私は青い空と、空を反射する湖を見た。両面に広がる青色を見ていると、この景色を独り占めしたい感覚に襲われた。


 私は「何か」だったらしい。青さを独り占めしたかったらしい。そして、蝶の夢を見ていたらしい。


 蝶の夢……?


 疑問は雪のように溶け、土の中へと沈んでいく。


 私は森の中をさまよい歩いた。開けた場所に出たかと思うと、村があった。そのひとつに入ってみると、一人のおばあちゃんがいた。


「おやまあ、近所の子じゃないね」


おばあちゃんは驚いた様子だった。


「どこから来たのかい」


私は森をさし示した。おばあちゃんは私の身なりを見て、異国から来た子なのだろうと言った。時々ここにくる商人が、似たような服を売っているのだと話した。


「名前はなんて言うんだい」


私は答えられなかった。


「わかりません。気がつくと森の中にいました。蝶が飛ぶのを見ました。それから、ポケットに紙が入っているのを見つけました。
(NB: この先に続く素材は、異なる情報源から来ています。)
(* Let $\lambda_0,\lambda_1,\lambda_2$ be positive integers with height $h=\lambda_0+\lambda_1+\lambda_2$. For each labelling $\{i,j,k\}=\{0,1,2\}$ consider the transformed triple $\left(\lambda_j,\lambda_k,\frac{(\lambda_j+\lambda_k)^2}{\lambda_i}\right)$, with height $h_i=\lambda_j+\lambda_k+\frac{(\lambda_j+\lambda_k)^2}{\lambda_i}$. Then there is at most one index $i\in\{0,1,2\}$ with $h_i\le h$. Moreover, if $h_i=h$ then the transformed triple is a permutation of $(\lambda_0,\lambda_1,\lambda_2)$. *)

From HB Require Import structures.
From mathcomp Require Import all_boot all_order all_algebra.
Set Implicit Arguments. Unset Strict Implicit. Unset Printing Implicit Defensive.
Import Order.TTheory GRing.Theory Num.Theory.
Local Open Scope ring_scope.

Definition height (l : 'I_3 -> rat) : rat := l 0 + l 1 + l 2.

(* The two indices other than i, as (j, k) with {i,j,k} = {0,1,2}. *)
Definition other1 (i : 'I_3) : 'I_3 := if i == 0 then 1 else 0.
Definition other2 (i : 'I_3) : 'I_3 := if i == 2 then 1 else 2.

Definition transf (l : 'I_3 -> rat) (i : 'I_3) : seq rat :=
  [:: l (other1 i); l (other2 i); (l (other1 i) + l (other2 i)) ^+ 2 / l i].

Definition transf_height (l : 'I_3 -> rat) (i : 'I_3) : rat :=
  l (other1 i) + l (other2 i) + (l (other1 i) + l (other2 i)) ^+ 2 / l i.

From HB Require Import structures.
From mathcomp Require Import all_boot all_order all_algebra.
From mathcomp Require Import lra.
Import Order.TTheory GRing.Theory Num.Theory.
Local Open Scope ring_scope.

(* Fix i and write {i,j,k} = {0,1,2} and s = l_j + l_k.  Then
   h = l_i + s and h_i = s + s^2 / l_i, so for l_i > 0 and s >= 0
     h_i <= h  <->  s^2 / l_i <= l_i  <->  s <= l_i,
   and likewise h_i = h <-> s = l_i.  Hence h_i <= h says that l_i dominates
   the sum of the two other entries.  Two different indices cannot both
   dominate a triple of positive numbers (adding the two inequalities leaves
   twice the third entry <= 0).  In the equality case the last entry
   s^2 / l_i of the transformed triple equals l_i, so the transformed triple
   is (l_j, l_k, l_i), a permutation of the original one. *)

Section HeightComparison.
Variable R : realFieldType.

Lemma add_sqr_div_le (x s : R) : 0 < x -> 0 <= s ->
  (s + s ^+ 2 / x <= x + s) = (s <= x).
Proof.
move=> x_gt0 s_ge0.
rewrite [x + s]addrC lerD2l ler_pdivrMr // -expr2.
by rewrite ler_sqr ?nnegrE ?(ltW x_gt0).
Qed.

Lemma add_sqr_div_eq (x s : R) : 0 < x -> 0 <= s ->
  (s + s ^+ 2 / x == x + s) = (s == x).
Proof.
move=> x_gt0 s_ge0.
rewrite [x + s]addrC (inj_eq (addrI s)) -(inj_eq (mulIf (lt0r_neq0 x_gt0))).
rewrite divfK ?lt0r_neq0 // -expr2 eqf_sqr.
have oppx_lt_s : - x < s by rewrite (lt_le_trans _ s_ge0) // oppr_lt0.
by rewrite (gt_eqF oppx_lt_s) orbF.
Qed.

End HeightComparison.

Lemma ord3_cases (i : 'I_3) : [\/ i = 0, i = 1 | i = 2].
Proof.
case: i => [[|[|[|//]]] ?]; [constructor 1 | constructor 2 | constructor 3].
all: exact: val_inj.
Qed.

Definition dominant (l : 'I_3 -> rat) (i : 'I_3) : Prop :=
  l (other1 i) + l (other2 i) <= l i.

Lemma height_around (l : 'I_3 -> rat) (i : 'I_3) :
  height l = l i + (l (other1 i) + l (other2 i)).
Proof.
by rewrite /height /other1 /other2; case: (ord3_cases i) => -> /=; lra.
Qed.

Lemma perm_around (l : 'I_3 -> rat) (i : 'I_3) :
  perm_eq [:: l (other1 i); l (other2 i); l i] [:: l 0; l 1; l 2].
Proof.
rewrite /other1 /other2; case: (ord3_cases i) => -> /=.
- by rewrite -[[:: _; _; _]]/(rot 1 [:: l 0; l 1; l 2]) perm_rot.
- by rewrite perm_cons -[[:: _; _]]/(rot 1 [:: l 1; l 2]) perm_rot.
- exact: perm_refl.
Qed.

Lemma dominant_unique (l : 'I_3 -> rat) (i j : 'I_3) :
  (forall k, 0 < l k) -> dominant l i -> dominant l j -> i = j.
Proof.
move=> l_gt0; have := l_gt0 0; have := l_gt0 1; have := l_gt0 2.
rewrite /dominant /other1 /other2.
by case: (ord3_cases i) (ord3_cases j) => -> [] -> //= *; exfalso; lra.
Qed.

Lemma transf_height_le (l : 'I_3 -> rat) (i : 'I_3) : (forall k, 0 < l k) ->
  (transf_height l i <= height l) <-> dominant l i.
Proof.
move=> l_gt0; rewrite /transf_height (height_around l i) add_sqr_div_le //.
by rewrite addr_ge0 // ltW.
Qed.

Lemma transf_height_eq (l : 'I_3 -> rat) (i : 'I_3) : (forall k, 0 < l k) ->
  transf_height l i = height l ->
  transf l i = [:: l (other1 i); l (other2 i); l i].
Proof.
move=> l_gt0 /eqP; rewrite /transf_height (height_around l i) add_sqr_div_eq //.
  by move=> /eqP sum_eq; rewrite /transf sum_eq expr2 mulfK ?lt0r_neq0.
by rewrite addr_ge0 // ltW.
Qed.

Theorem lemma3p14 (l0 l1 l2 : nat) (h0 : (0 < l0)%N) (h1 : (0 < l1)%N)
  (h2 : (0 < l2)%N) :
  let l : 'I_3 -> rat := fun i => [:: l0%:R; l1%:R; l2%:R]`_i in
  (forall i j : 'I_3, transf_height l i <= height l ->
      transf_height l j <= height l -> i = j) /\
  (forall i : 'I_3, transf_height l i = height l ->
      perm_eq (transf l i) [:: l 0; l 1; l 2]).
Proof.
move=> l.
have l_gt0 : forall k, 0 < l k.
  by move=> k; case: (ord3_cases k) => ->; rewrite /l /= ltr0n.
split=> [i j hi hj | i hi].
  by apply: (dominant_unique _ _ _ l_gt0); apply/transf_height_le.
by rewrite transf_height_eq //; apply: perm_around.
Qed.
(* Let $p$ be an even integer and let $n$ be an odd integer with $n\ge p+1\ge 5$. Then there exists a simple graph of order $n$ and size $\mathrm{ex}(n,K_{1,p})+1$ which contains exactly one copy of $K_{1,p}$.
   Context: All graphs are finite and simple. The order of a graph is its number of vertices and its size is its number of edges. A copy of $H$ in $G$ is a subgraph of $G$ isomorphic to $H$; the number of copies of $H$ in $G$ is the number of distinct subgraphs of $G$ isomorphic to $H$. For a graph $H$ and a positive integer $n$, the Turán number $\mathrm{ex}(n,H)$ is the maximum size of a simple graph of order $n$ containing no copy of $H$. $K_{1,p}$ denotes the star with $p$ edges (order $p+1$). *)

From mathcomp Require Import all_boot.
Set Implicit Arguments.
Unset Strict Implicit.
Unset Printing Implicit Defensive.

Definition simple_graph (T : finType) (e : rel T) : bool :=
  [forall x, ~~ e x x] && [forall x, [forall y, e x y == e y x]].

Definition edges (T : finType) (e : rel T) : {set {set T}} :=
  [set [set x; y] | x in T, y in T & e x y].

Definition gsize (T : finType) (e : rel T) : nat := #|edges e|.

Definition is_copy (TH : finType) (eH : rel TH) (T : finType) (e : rel T)
    (W : {set T}) (F : {set {set T}}) : bool :=
  (F \subset edges e) &&
  [exists f : {ffun TH -> T},
     [&& injectiveb f, W == f @: TH &
         F == [set [set f x; f y] | x in TH, y in TH & eH x y]]].

Definition ncopies (TH : finType) (eH : rel TH) (T : finType) (e : rel T) : nat :=
  #|[set WF : {set T} * {set {set T}} | is_copy eH e WF.1 WF.2]|.

(* Graphs of order n are encoded as relations on 'I_n (via finite functions,
   so that one can range over all of them). *)
Definition rel_of (n : nat) (g : {ffun 'I_n * 'I_n -> bool}) : rel 'I_n :=
  fun x y => g (x, y).

Definition ex (n : nat) (TH : finType) (eH : rel TH) : nat :=
  \max_(g : {ffun 'I_n * 'I_n -> bool} |
          simple_graph (rel_of g) && (ncopies eH (rel_of g) == 0))
     gsize (rel_of g).

Definition star_rel (p : nat) : rel 'I_p.+1 :=
  fun i j => (i != j) && ((i == ord0) || (j == ord0)).
Arguments star_rel p : clear implicits.

From mathcomp Require Import all_boot zify.

(* A graph without a copy of K_{1,p} has maximum degree at most p - 1, so twice
   its size is at most n(p - 1); when n is odd and p is even this number is odd,
   hence ex(n, K_{1,p}) <= (n(p - 1) - 1)/2.  Write p = 2h.  Removing the matching
   {1,2}, {3,4}, ..., {n-2,n-1} from the p-regular circulant graph C_n(1, ..., h)
   leaves a graph in which 0 has degree p and every other vertex degree p - 1.
   Its size is (n(p - 1) + 1)/2, and its only copy of K_{1,p} is the star formed by
   0 and its whole neighbourhood.  Removing the edge {0,1} as well yields a
   K_{1,p}-free graph of size (n(p - 1) - 1)/2, so the bound on ex is attained. *)

Set Implicit Arguments.
Unset Strict Implicit.
Unset Printing Implicit Defensive.

Section Degree.
Variable T : finType.

Definition deg (e : rel T) (x : T) : nat := #|[set y | e x y]|.

Definition rel_diff (e r : rel T) : rel T := fun x y => e x y && ~~ r x y.

Lemma deg_rel_diff (e r : rel T) x :
  subrel r e -> deg (rel_diff e r) x = deg e x - deg r x.
Proof.
move=> sub_re; have sub : [set y | r x y] \subset [set y | e x y].
  by apply/subsetP => y; rewrite !inE => /sub_re.
rewrite /deg -(setIidPr sub) -cardsD.
by apply: eq_card => y; rewrite !inE andbC.
Qed.

Lemma sum_deg_rel_diff (e r : rel T) :
  subrel r e -> \sum_x deg (rel_diff e r) x = \sum_x deg e x - \sum_x deg r x.
Proof.
move=> sub_re; rewrite -sumnB => [|x _]; first by apply: eq_bigr => x _; rewrite deg_rel_diff.
by apply: subset_leq_card; apply/subsetP => y; rewrite !inE => /sub_re.
Qed.

Lemma simple_graphP (e : rel T) : reflect (irreflexive e /\ symmetric e) (simple_graph e).
Proof.
apply: (iffP andP) => [[/forallP irr /forallP sym]|[irr sym]]; split.
- by move=> x; apply/negbTE.
- by move=> x y; apply/eqP; have /forallP := sym x.
- by apply/forallP => x; rewrite irr.
- by apply/forallP => x; apply/forallP => y; rewrite sym.
Qed.

Lemma simple_graph_rel_diff (e r : rel T) :
  simple_graph e -> symmetric r -> simple_graph (rel_diff e r).
Proof.
move=> /simple_graphP[irr sym] sym_r; apply/simple_graphP; split => [x|x y].
  by rewrite /rel_diff irr.
by rewrite /rel_diff sym sym_r.
Qed.

End Degree.

Lemma set2_eq_cases (T : finType) (a b x y : T) :
  [set x; y] = [set a; b] -> x != y -> (x = a /\ y = b) \/ (x = b /\ y = a).
Proof.
move=> E nxy; have /set2P xab : x \in [set a; b] by rewrite -E set21.
have /set2P yab : y \in [set a; b] by rewrite -E set22.
by case: xab yab => ? [] ?; subst; rewrite ?eqxx in nxy; auto.
Qed.

Lemma eq_edges (T : finType) (e1 e2 : rel T) : e1 =2 e2 -> edges e1 = edges e2.
Proof.
move=> e12; apply/setP => E; apply/imset2P/imset2P => -[x y _];
  by rewrite !inE ?e12 => exy ->; exists x y; rewrite ?inE ?e12.
Qed.

Section SimpleGraph.
Variables (T : finType) (e : rel T).
Hypothesis e_simple : simple_graph e.

Let e_irr : irreflexive e. Proof. by case/simple_graphP: e_simple. Qed.
Let e_sym : symmetric e. Proof. by case/simple_graphP: e_simple. Qed.

Lemma edgesP x y : x != y -> reflect (e x y) ([set x; y] \in edges e).
Proof.
move=> nxy; apply: (iffP imset2P) => [[a b _]|exy]; last by exists x y; rewrite ?inE.
rewrite !inE /= => eab /set2_eq_cases/(_ nxy)[[-> ->]|[-> ->]] //.
by rewrite e_sym.
Qed.

Lemma sum_deg : \sum_x deg e x = (gsize e).*2.
Proof.
have -> : \sum_x deg e x = \sum_(xy : T * T | e xy.1 xy.2) 1.
  rewrite -(pair_big_dep predT (fun x y => e x y) (fun _ _ => 1)) /=.
  by apply: eq_bigr => x _; rewrite sum1dep_card.
rewrite (partition_big (fun xy : T * T => [set xy.1; xy.2]) (mem (edges e))) /=;
  last by case=> x y /= exy; apply/imset2P; exists x y; rewrite ?inE.
rewrite -muln2 /gsize -sum_nat_const; apply: eq_bigr => E /imset2P[a b _].
rewrite !inE /= => eab ->; rewrite sum1dep_card.
have -> : [set xy : T * T | e xy.1 xy.2 && ([set xy.1; xy.2] == [set a; b])]
        = [set (a, b); (b, a)].
  apply/setP => -[x y]; rewrite !inE /=; apply/idP/idP.
  - case/andP => exy /eqP Exy.
    have nxy : x != y by apply: contraTneq exy => ->; rewrite e_irr.
    by case: (set2_eq_cases Exy nxy) => -[-> ->]; rewrite eqxx ?orbT.
  - by case/orP => /eqP[-> ->]; rewrite ?eab ?eqxx // e_sym eab setUC eqxx.
by rewrite cards2; case: eqP => // -[ab _]; rewrite ab e_irr in eab.
Qed.

End SimpleGraph.

Lemma ncopies_eq0 (TH T : finType) (eH : rel TH) (e : rel T) :
  ncopies eH e = 0 <-> forall W F, ~~ is_copy eH e W F.
Proof.
rewrite /ncopies; split => [/eqP|noc]; last first.
  by apply/eqP; rewrite cards_eq0; apply/eqP/setP => -[W F]; rewrite !inE (negbTE (noc W F)).
rewrite cards_eq0 => /eqP copies0 W F; apply/negP => cWF.
suff : (W, F) \in set0 by rewrite in_set0.
by rewrite -copies0 inE.
Qed.

Section StarCopies.
Variables (T : finType) (e : rel T) (p : nat).
Hypothesis e_simple : simple_graph e.

Let e_irr : irreflexive e. Proof. by case/simple_graphP: e_simple. Qed.

Definition star_edges (f : 'I_p.+1 -> T) : {set {set T}} :=
  [set [set f x; f y] | x in 'I_p.+1, y in 'I_p.+1 & star_rel p x y].
(* No two cells of l/m share a column: at most one row r of l reaches
   column v without m reaching it. *)
Lemma hkstrip_colsize k l m n v : hkstrip k l m n -> 0 < v ->
  colsize v m <= colsize v l <= (colsize v m).+1.
Proof.
case=> _ sub one_per_column _ _ v0; set N := size l + size m.
rewrite (@colsize_rows v m N) ?leq_addl // (@colsize_rows v l N) ?leq_addr //.
apply/andP; split; first by apply: sub_count => r /= vm; apply: leq_trans vm (sub r).
apply: leq_trans (count_leq_predD _ (fun r => v <= nth 0 m r) _) _.
rewrite -addn1 leq_add2l -size_filter.
set p := predD _ _.
have: sorted ltn [seq r <- iota 0 N | p r].
  by apply: sorted_filter; [apply: ltn_trans | apply: iota_ltn_sorted].
have mem_p r : r \in [seq r <- iota 0 N | p r] -> in_skew l m r v.-1.
  by rewrite mem_filter /p /in_skew /= -ltnNge => /andP[/andP[? ?] _]; lia.
case: [seq r <- iota 0 N | p r] mem_p => [|x [|y t]] //= mem_p /andP[xy _].
by case: (one_per_column x y v.-1 xy); apply: mem_p; rewrite !inE eqxx ?orbT.
Qed.

Section StripFromColumns.

Variables (K : nat) (a l : seq nat).
Hypotheses (ca : is_comp a) (cl : is_comp l).
Hypotheses (aK : all (fun x => x <= K) a) (lK : all (fun x => x <= K) l).
Hypothesis col_step : forall v, 0 < v -> colsize v a <= colsize v l <= (colsize v a).+1.

(* The columns in which l has one more cell than a: the box-adding operators
   t_v, v in increasing order, build l from a. *)
Let grow := [seq v <- iota 1 K | colsize v a < colsize v l].

Let sorted_grow : sorted ltn grow.
Proof. by apply: sorted_filter; [apply: ltn_trans | apply: iota_ltn_sorted]. Qed.

Let mem_grow v : 0 < v -> (v \in grow : nat) = colsize v l - colsize v a.
Proof.
move=> v0; rewrite mem_filter mem_iota; have := col_step v0.
case: (leqP v K) => vK; first by rewrite v0 add1n ltnS vK andbT; case: ltnP => /=; lia.
by rewrite (colsize_out lK vK) (colsize_out aK vK) add1n ltnS (leqNgt v K) vK andbF.
Qed.

Let grow_defined : exists b, tboxes grow a = Some b.
Proof.
apply: tboxes_defined => //; first by apply/allP => v; rewrite mem_filter mem_iota => /and3P[].
move=> c c_grow c1; apply/orP; case: (boolP (c.-1 \in grow)) => [|c'_grow]; [by right | left].
have := mem_grow (_ : 0 < c); have := mem_grow (_ : 0 < c.-1).
rewrite c_grow (negbTE c'_grow) => /(_ ltac:(lia)) col_c' /(_ ltac:(lia)) col_c.
rewrite -has_pred1 has_count.
have := col_step (_ : 0 < c.-1); have := colsize_split c.-1 a; have := colsize_split c.-1 l.
by rewrite prednK; lia.
Qed.

Let perm_tboxes_grow b : tboxes grow a = Some b -> perm_eq l b.
Proof.
move=> ab; have cb := comp_tboxes ca ab; apply/allP => x _; apply/eqP.
case: (posnP x) => [->|x0].
  have no0 c : is_comp c -> count_mem 0 c = 0.
    by move=> /allP c0; apply/count_memPn/negP => /c0.
  by rewrite !no0.
have ug : uniq grow by apply: sorted_uniq sorted_grow; [apply: ltn_trans | apply: ltnn].
have := tboxes_count_mem ab x0; rewrite !(count_uniq_mem _ ug) !mem_grow //.
have := col_step x0; have := col_step (ltn0Sn x).
have := colsize_split x a; have := colsize_split x l; lia.
Qed.

Let size_grow : size grow = sumn l - sumn a.
Proof.
rewrite (sumn_colsize lK) (sumn_colsize aK) size_filter -sum1_count big_mkcond /=.
have -> : \sum_(v <- iota 1 K) colsize v l =
          \sum_(v <- iota 1 K) (colsize v a + (colsize v a < colsize v l)).
  apply: eq_big_seq => v; rewrite mem_iota => /andP[v0 _].
  by have := col_step v0; case: ltnP => /=; lia.
by rewrite big_split /= addKn; apply: eq_bigr => v _; case: ifP.
Qed.

Lemma hcstrip_of_colsize : exists2 b, hcstrip b a (sumn l - sumn a) & perm_eq l b.
Proof.
have [b ab] := grow_defined; exists b; last exact: perm_tboxes_grow.
by exists grow; split=> //; apply/allP => v; rewrite mem_filter mem_iota => /and3P[].
Qed.

End StripFromColumns.

Lemma hkstrip_hcstrip k a i mu : kcomp k a -> hkstrip k mu (lam a) i ->
  exists2 b, hcstrip b a i & lam b = mu.
Proof.
move=> ka hs; have [[kla kmu] _ _ _ sum_mu] := hs.
have le_k l : kpart k l -> all (fun x => x <= k) l.
  by case/andP=> _ /allP kl; apply/allP => x /kl /andP[].
have ak : all (fun x => x <= k) a by rewrite -(perm_all _ (perm_lam a)) le_k.
have step v : 0 < v -> colsize v a <= colsize v mu <= (colsize v a).+1.
  by move=> v0; rewrite -(perm_colsize v (perm_lam a)); apply: hkstrip_colsize hs v0.
have [b ab mu_b] := hcstrip_of_colsize (kcomp_comp ka) (kpart_comp kmu) ak (le_k _ kmu) step.
exists b; first by rewrite sum_mu sumn_lam addKn in ab.
by apply/esym/sorted_perm_lam => //; case/andP: kmu => /andP[].
Qed.

Definition strips k a i := [seq b <- kcomps k (sumn a + i) | `[< hkcstrip k b a i >]].

Lemma strips_lam k a i (F : seq nat -> rat) : kcomp k a ->
  (\sum_(b <- strips k a i) F (lam b) =
   \sum_(mu <- kparts k (sumn (lam a) + i) | `[< hkstrip k mu (lam a) i >]) F mu)%R.
Proof.
move=> ka; rewrite -(big_map lam predT F) -[RHS]big_filter.
apply/perm_big/uniq_perm.
- rewrite map_inj_in_uniq ?filter_uniq ?undup_uniq // => b1 b2; rewrite !mem_filter.
  move=> /andP[/asboolP[_ _ h1 _] _] /andP[/asboolP[_ _ h2 _] _] lam_eq.
  apply: hcstrip_perm_inj h1 h2 _; rewrite -(permPl (perm_lam b1)) lam_eq.
  by rewrite perm_lam.
- by rewrite !filter_uniq ?undup_uniq.
move=> mu; apply/mapP/idP.
- case=> b; rewrite mem_filter => /andP[/asboolP[_ _ _ hs] _] ->.
  have [[_ kmu] _ _ _ sum_b] := hs; rewrite mem_filter; apply/andP; split.
    exact/asboolP.
  by rewrite mem_filter kmu /= -sum_b mem_comps ?(kpart_comp kmu).
rewrite mem_filter => /andP[/asboolP hs _]; have [[_ kmu] _ _ _ sum_mu] := hs.
have [b ab lam_b] := hkstrip_hcstrip ka hs; exists b => //.
have kb : kcomp k b by rewrite /kcomp -(perm_all _ (perm_lam b)) lam_b; case/andP: kmu.
rewrite mem_filter; apply/andP; split; first by apply/asboolP; split; rewrite ?lam_b.
rewrite mem_filter kb /= -sumn_lam -sum_mu -lam_b sumn_lam.
exact: mem_comps (kcomp_comp kb).
Qed.

Local Open Scope ring_scope.

(* By the Pieri rules, H_g = \sum_(b <- kchains k g) S_b, and the end points
   are listed with multiplicity. *)
Definition kchains k (g : seq nat) : seq (seq nat) :=
  foldr (fun i C => flatten [seq strips k b i | b <- C]) [:: [::]] g.

Lemma big_kchains_cons k i g (F : seq nat -> rat) :
  \sum_(c <- kchains k (i :: g)) F c = \sum_(b <- kchains k g) \sum_(c <- strips k b i) F c.
Proof. by rewrite big_flatten big_map. Qed.

Lemma kcomp_kchains k g : all (kcomp k) (kchains k g).
Proof.
elim: g => //= i g IH; apply/allP => c /flatten_mapP[b _].
by rewrite !mem_filter => /and3P[].
Qed.

Lemma kSchurN_kchains k S g : kSchurN_family k S -> kcomp k g ->
  forall x, \sum_(c <- kchains k g) S c x = (x == g)%:R.
Proof.
case=> _ S0 pieri; elim: g => [_ x|i g IH /= /andP[/andP[i0 ik] kg] x].
  by rewrite big_seq1 S0.
rewrite big_kchains_cons.
transitivity (\sum_(b <- kchains k g) Hmul i (S b) x).
  apply: eq_big_seq => b /(allP (kcomp_kchains k g)) kb.
  by rewrite pieri ?i0 // big_filter.
case: x => [|j x] /=; first by rewrite big1.
case: eqP => [->|ij]; first by rewrite IH // eqseq_cons eqxx.
by rewrite big1 // eqseq_cons; case: eqP.
Qed.

Lemma kSchur_kchains k s g : kSchur_family k s -> kcomp k g ->
  forall m, \sum_(c <- kchains k g) s (lam c) m = (m == lam g)%:R.
Proof.
case=> _ s0 pieri; elim: g => [_ m|i g IH kig m]; first by rewrite big_seq1 s0.
have /andP[/andP[i0 ik] kg] := kig; rewrite big_kchains_cons.
transitivity (\sum_(b <- kchains k g) hmul i (s (lam b)) m).
  apply: eq_big_seq => b /(allP (kcomp_kchains k g)) kb.
  by rewrite pieri ?i0 ?kpart_lam // (strips_lam _ (fun mu => s mu m) kb).
rewrite /hmul; case: (boolP (is_partition m && (i \in m))) => [/andP[pm im]|not_im].
  by rewrite (IH kg) -(rem_lam _ _ (proj1 (andP pm))) im.
rewrite big1 //; case: eqP not_im => // ->.
by rewrite partition_lam ?(kcomp_comp kig) // (perm_mem (perm_lam _)) mem_head.
Qed.

Lemma big_pick (T : eqType) (G : seq T) (F : T -> rat) x : uniq G ->
  \sum_(g <- G) (x == g)%:R * F g = (x \in G)%:R * F x.
Proof.
elim: G => [|y G IH] /=; first by rewrite big_nil mul0r.
case/andP=> yG uG; rewrite big_cons IH // in_cons.
case: (x =P y) => [->|_] /=; last by rewrite mul0r add0r.
by rewrite (negbTE yG) !mul1r mul0r addr0.
Qed.

Lemma big_support (T : eqType) (G : seq T) (F : T -> rat) x : uniq G ->
  (forall g, F g != 0 -> g \in G) -> \sum_(g <- G) (x == g)%:R * F g = F x.
Proof.
move=> uG supp; rewrite big_pick //; case: (boolP (x \in G)) => [_|xG]; first by rewrite mul1r.
by rewrite mul0r; apply/esym/eqP; apply: contraNT xG => /supp.
Qed.

Lemma big_regroup (T : eqType) (E : seq (rat * T)) (U : seq T) (h : T -> rat) :
  uniq U -> {subset map snd E <= U} ->
  \sum_(q <- E) q.1 * h q.2 = \sum_(y <- U) (\sum_(q <- E | q.2 == y) q.1) * h y.
Proof.
move=> uU EU; under [RHS]eq_bigr => y _ do rewrite big_mkcond mulr_suml.
rewrite exchange_big /=; apply: eq_big_seq => q qE.
have qU : q.2 \in U by apply: EU; apply: map_f.
have := big_pick (fun y => q.1 * h y) q.2 uU; rewrite qU mul1r => <-.
by apply: eq_bigr => y _; case: (q.2 =P y) => [<-|_]; rewrite ?mul1r ?mul0r.
Qed.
でも、私は文字が読めないのです」


名前の代わりにそう答えて、黒いスカートのポケットに手をいれる。折りたたまれた紙を取り出して、手渡した。おばあちゃんは苦労しながら文章を読むと、私をじっと見つめた。


「何か、書いてあるのですか」


おばあちゃんは私の質問には答えなかった。紙を元に折りたたむと、


「それより、遠くから来てお腹が空いているでしょ、ご飯を用意してあげましょう」


と親切に言ってくれた。はちみつを小さじ2杯分入れた、甘粥をご馳走になった。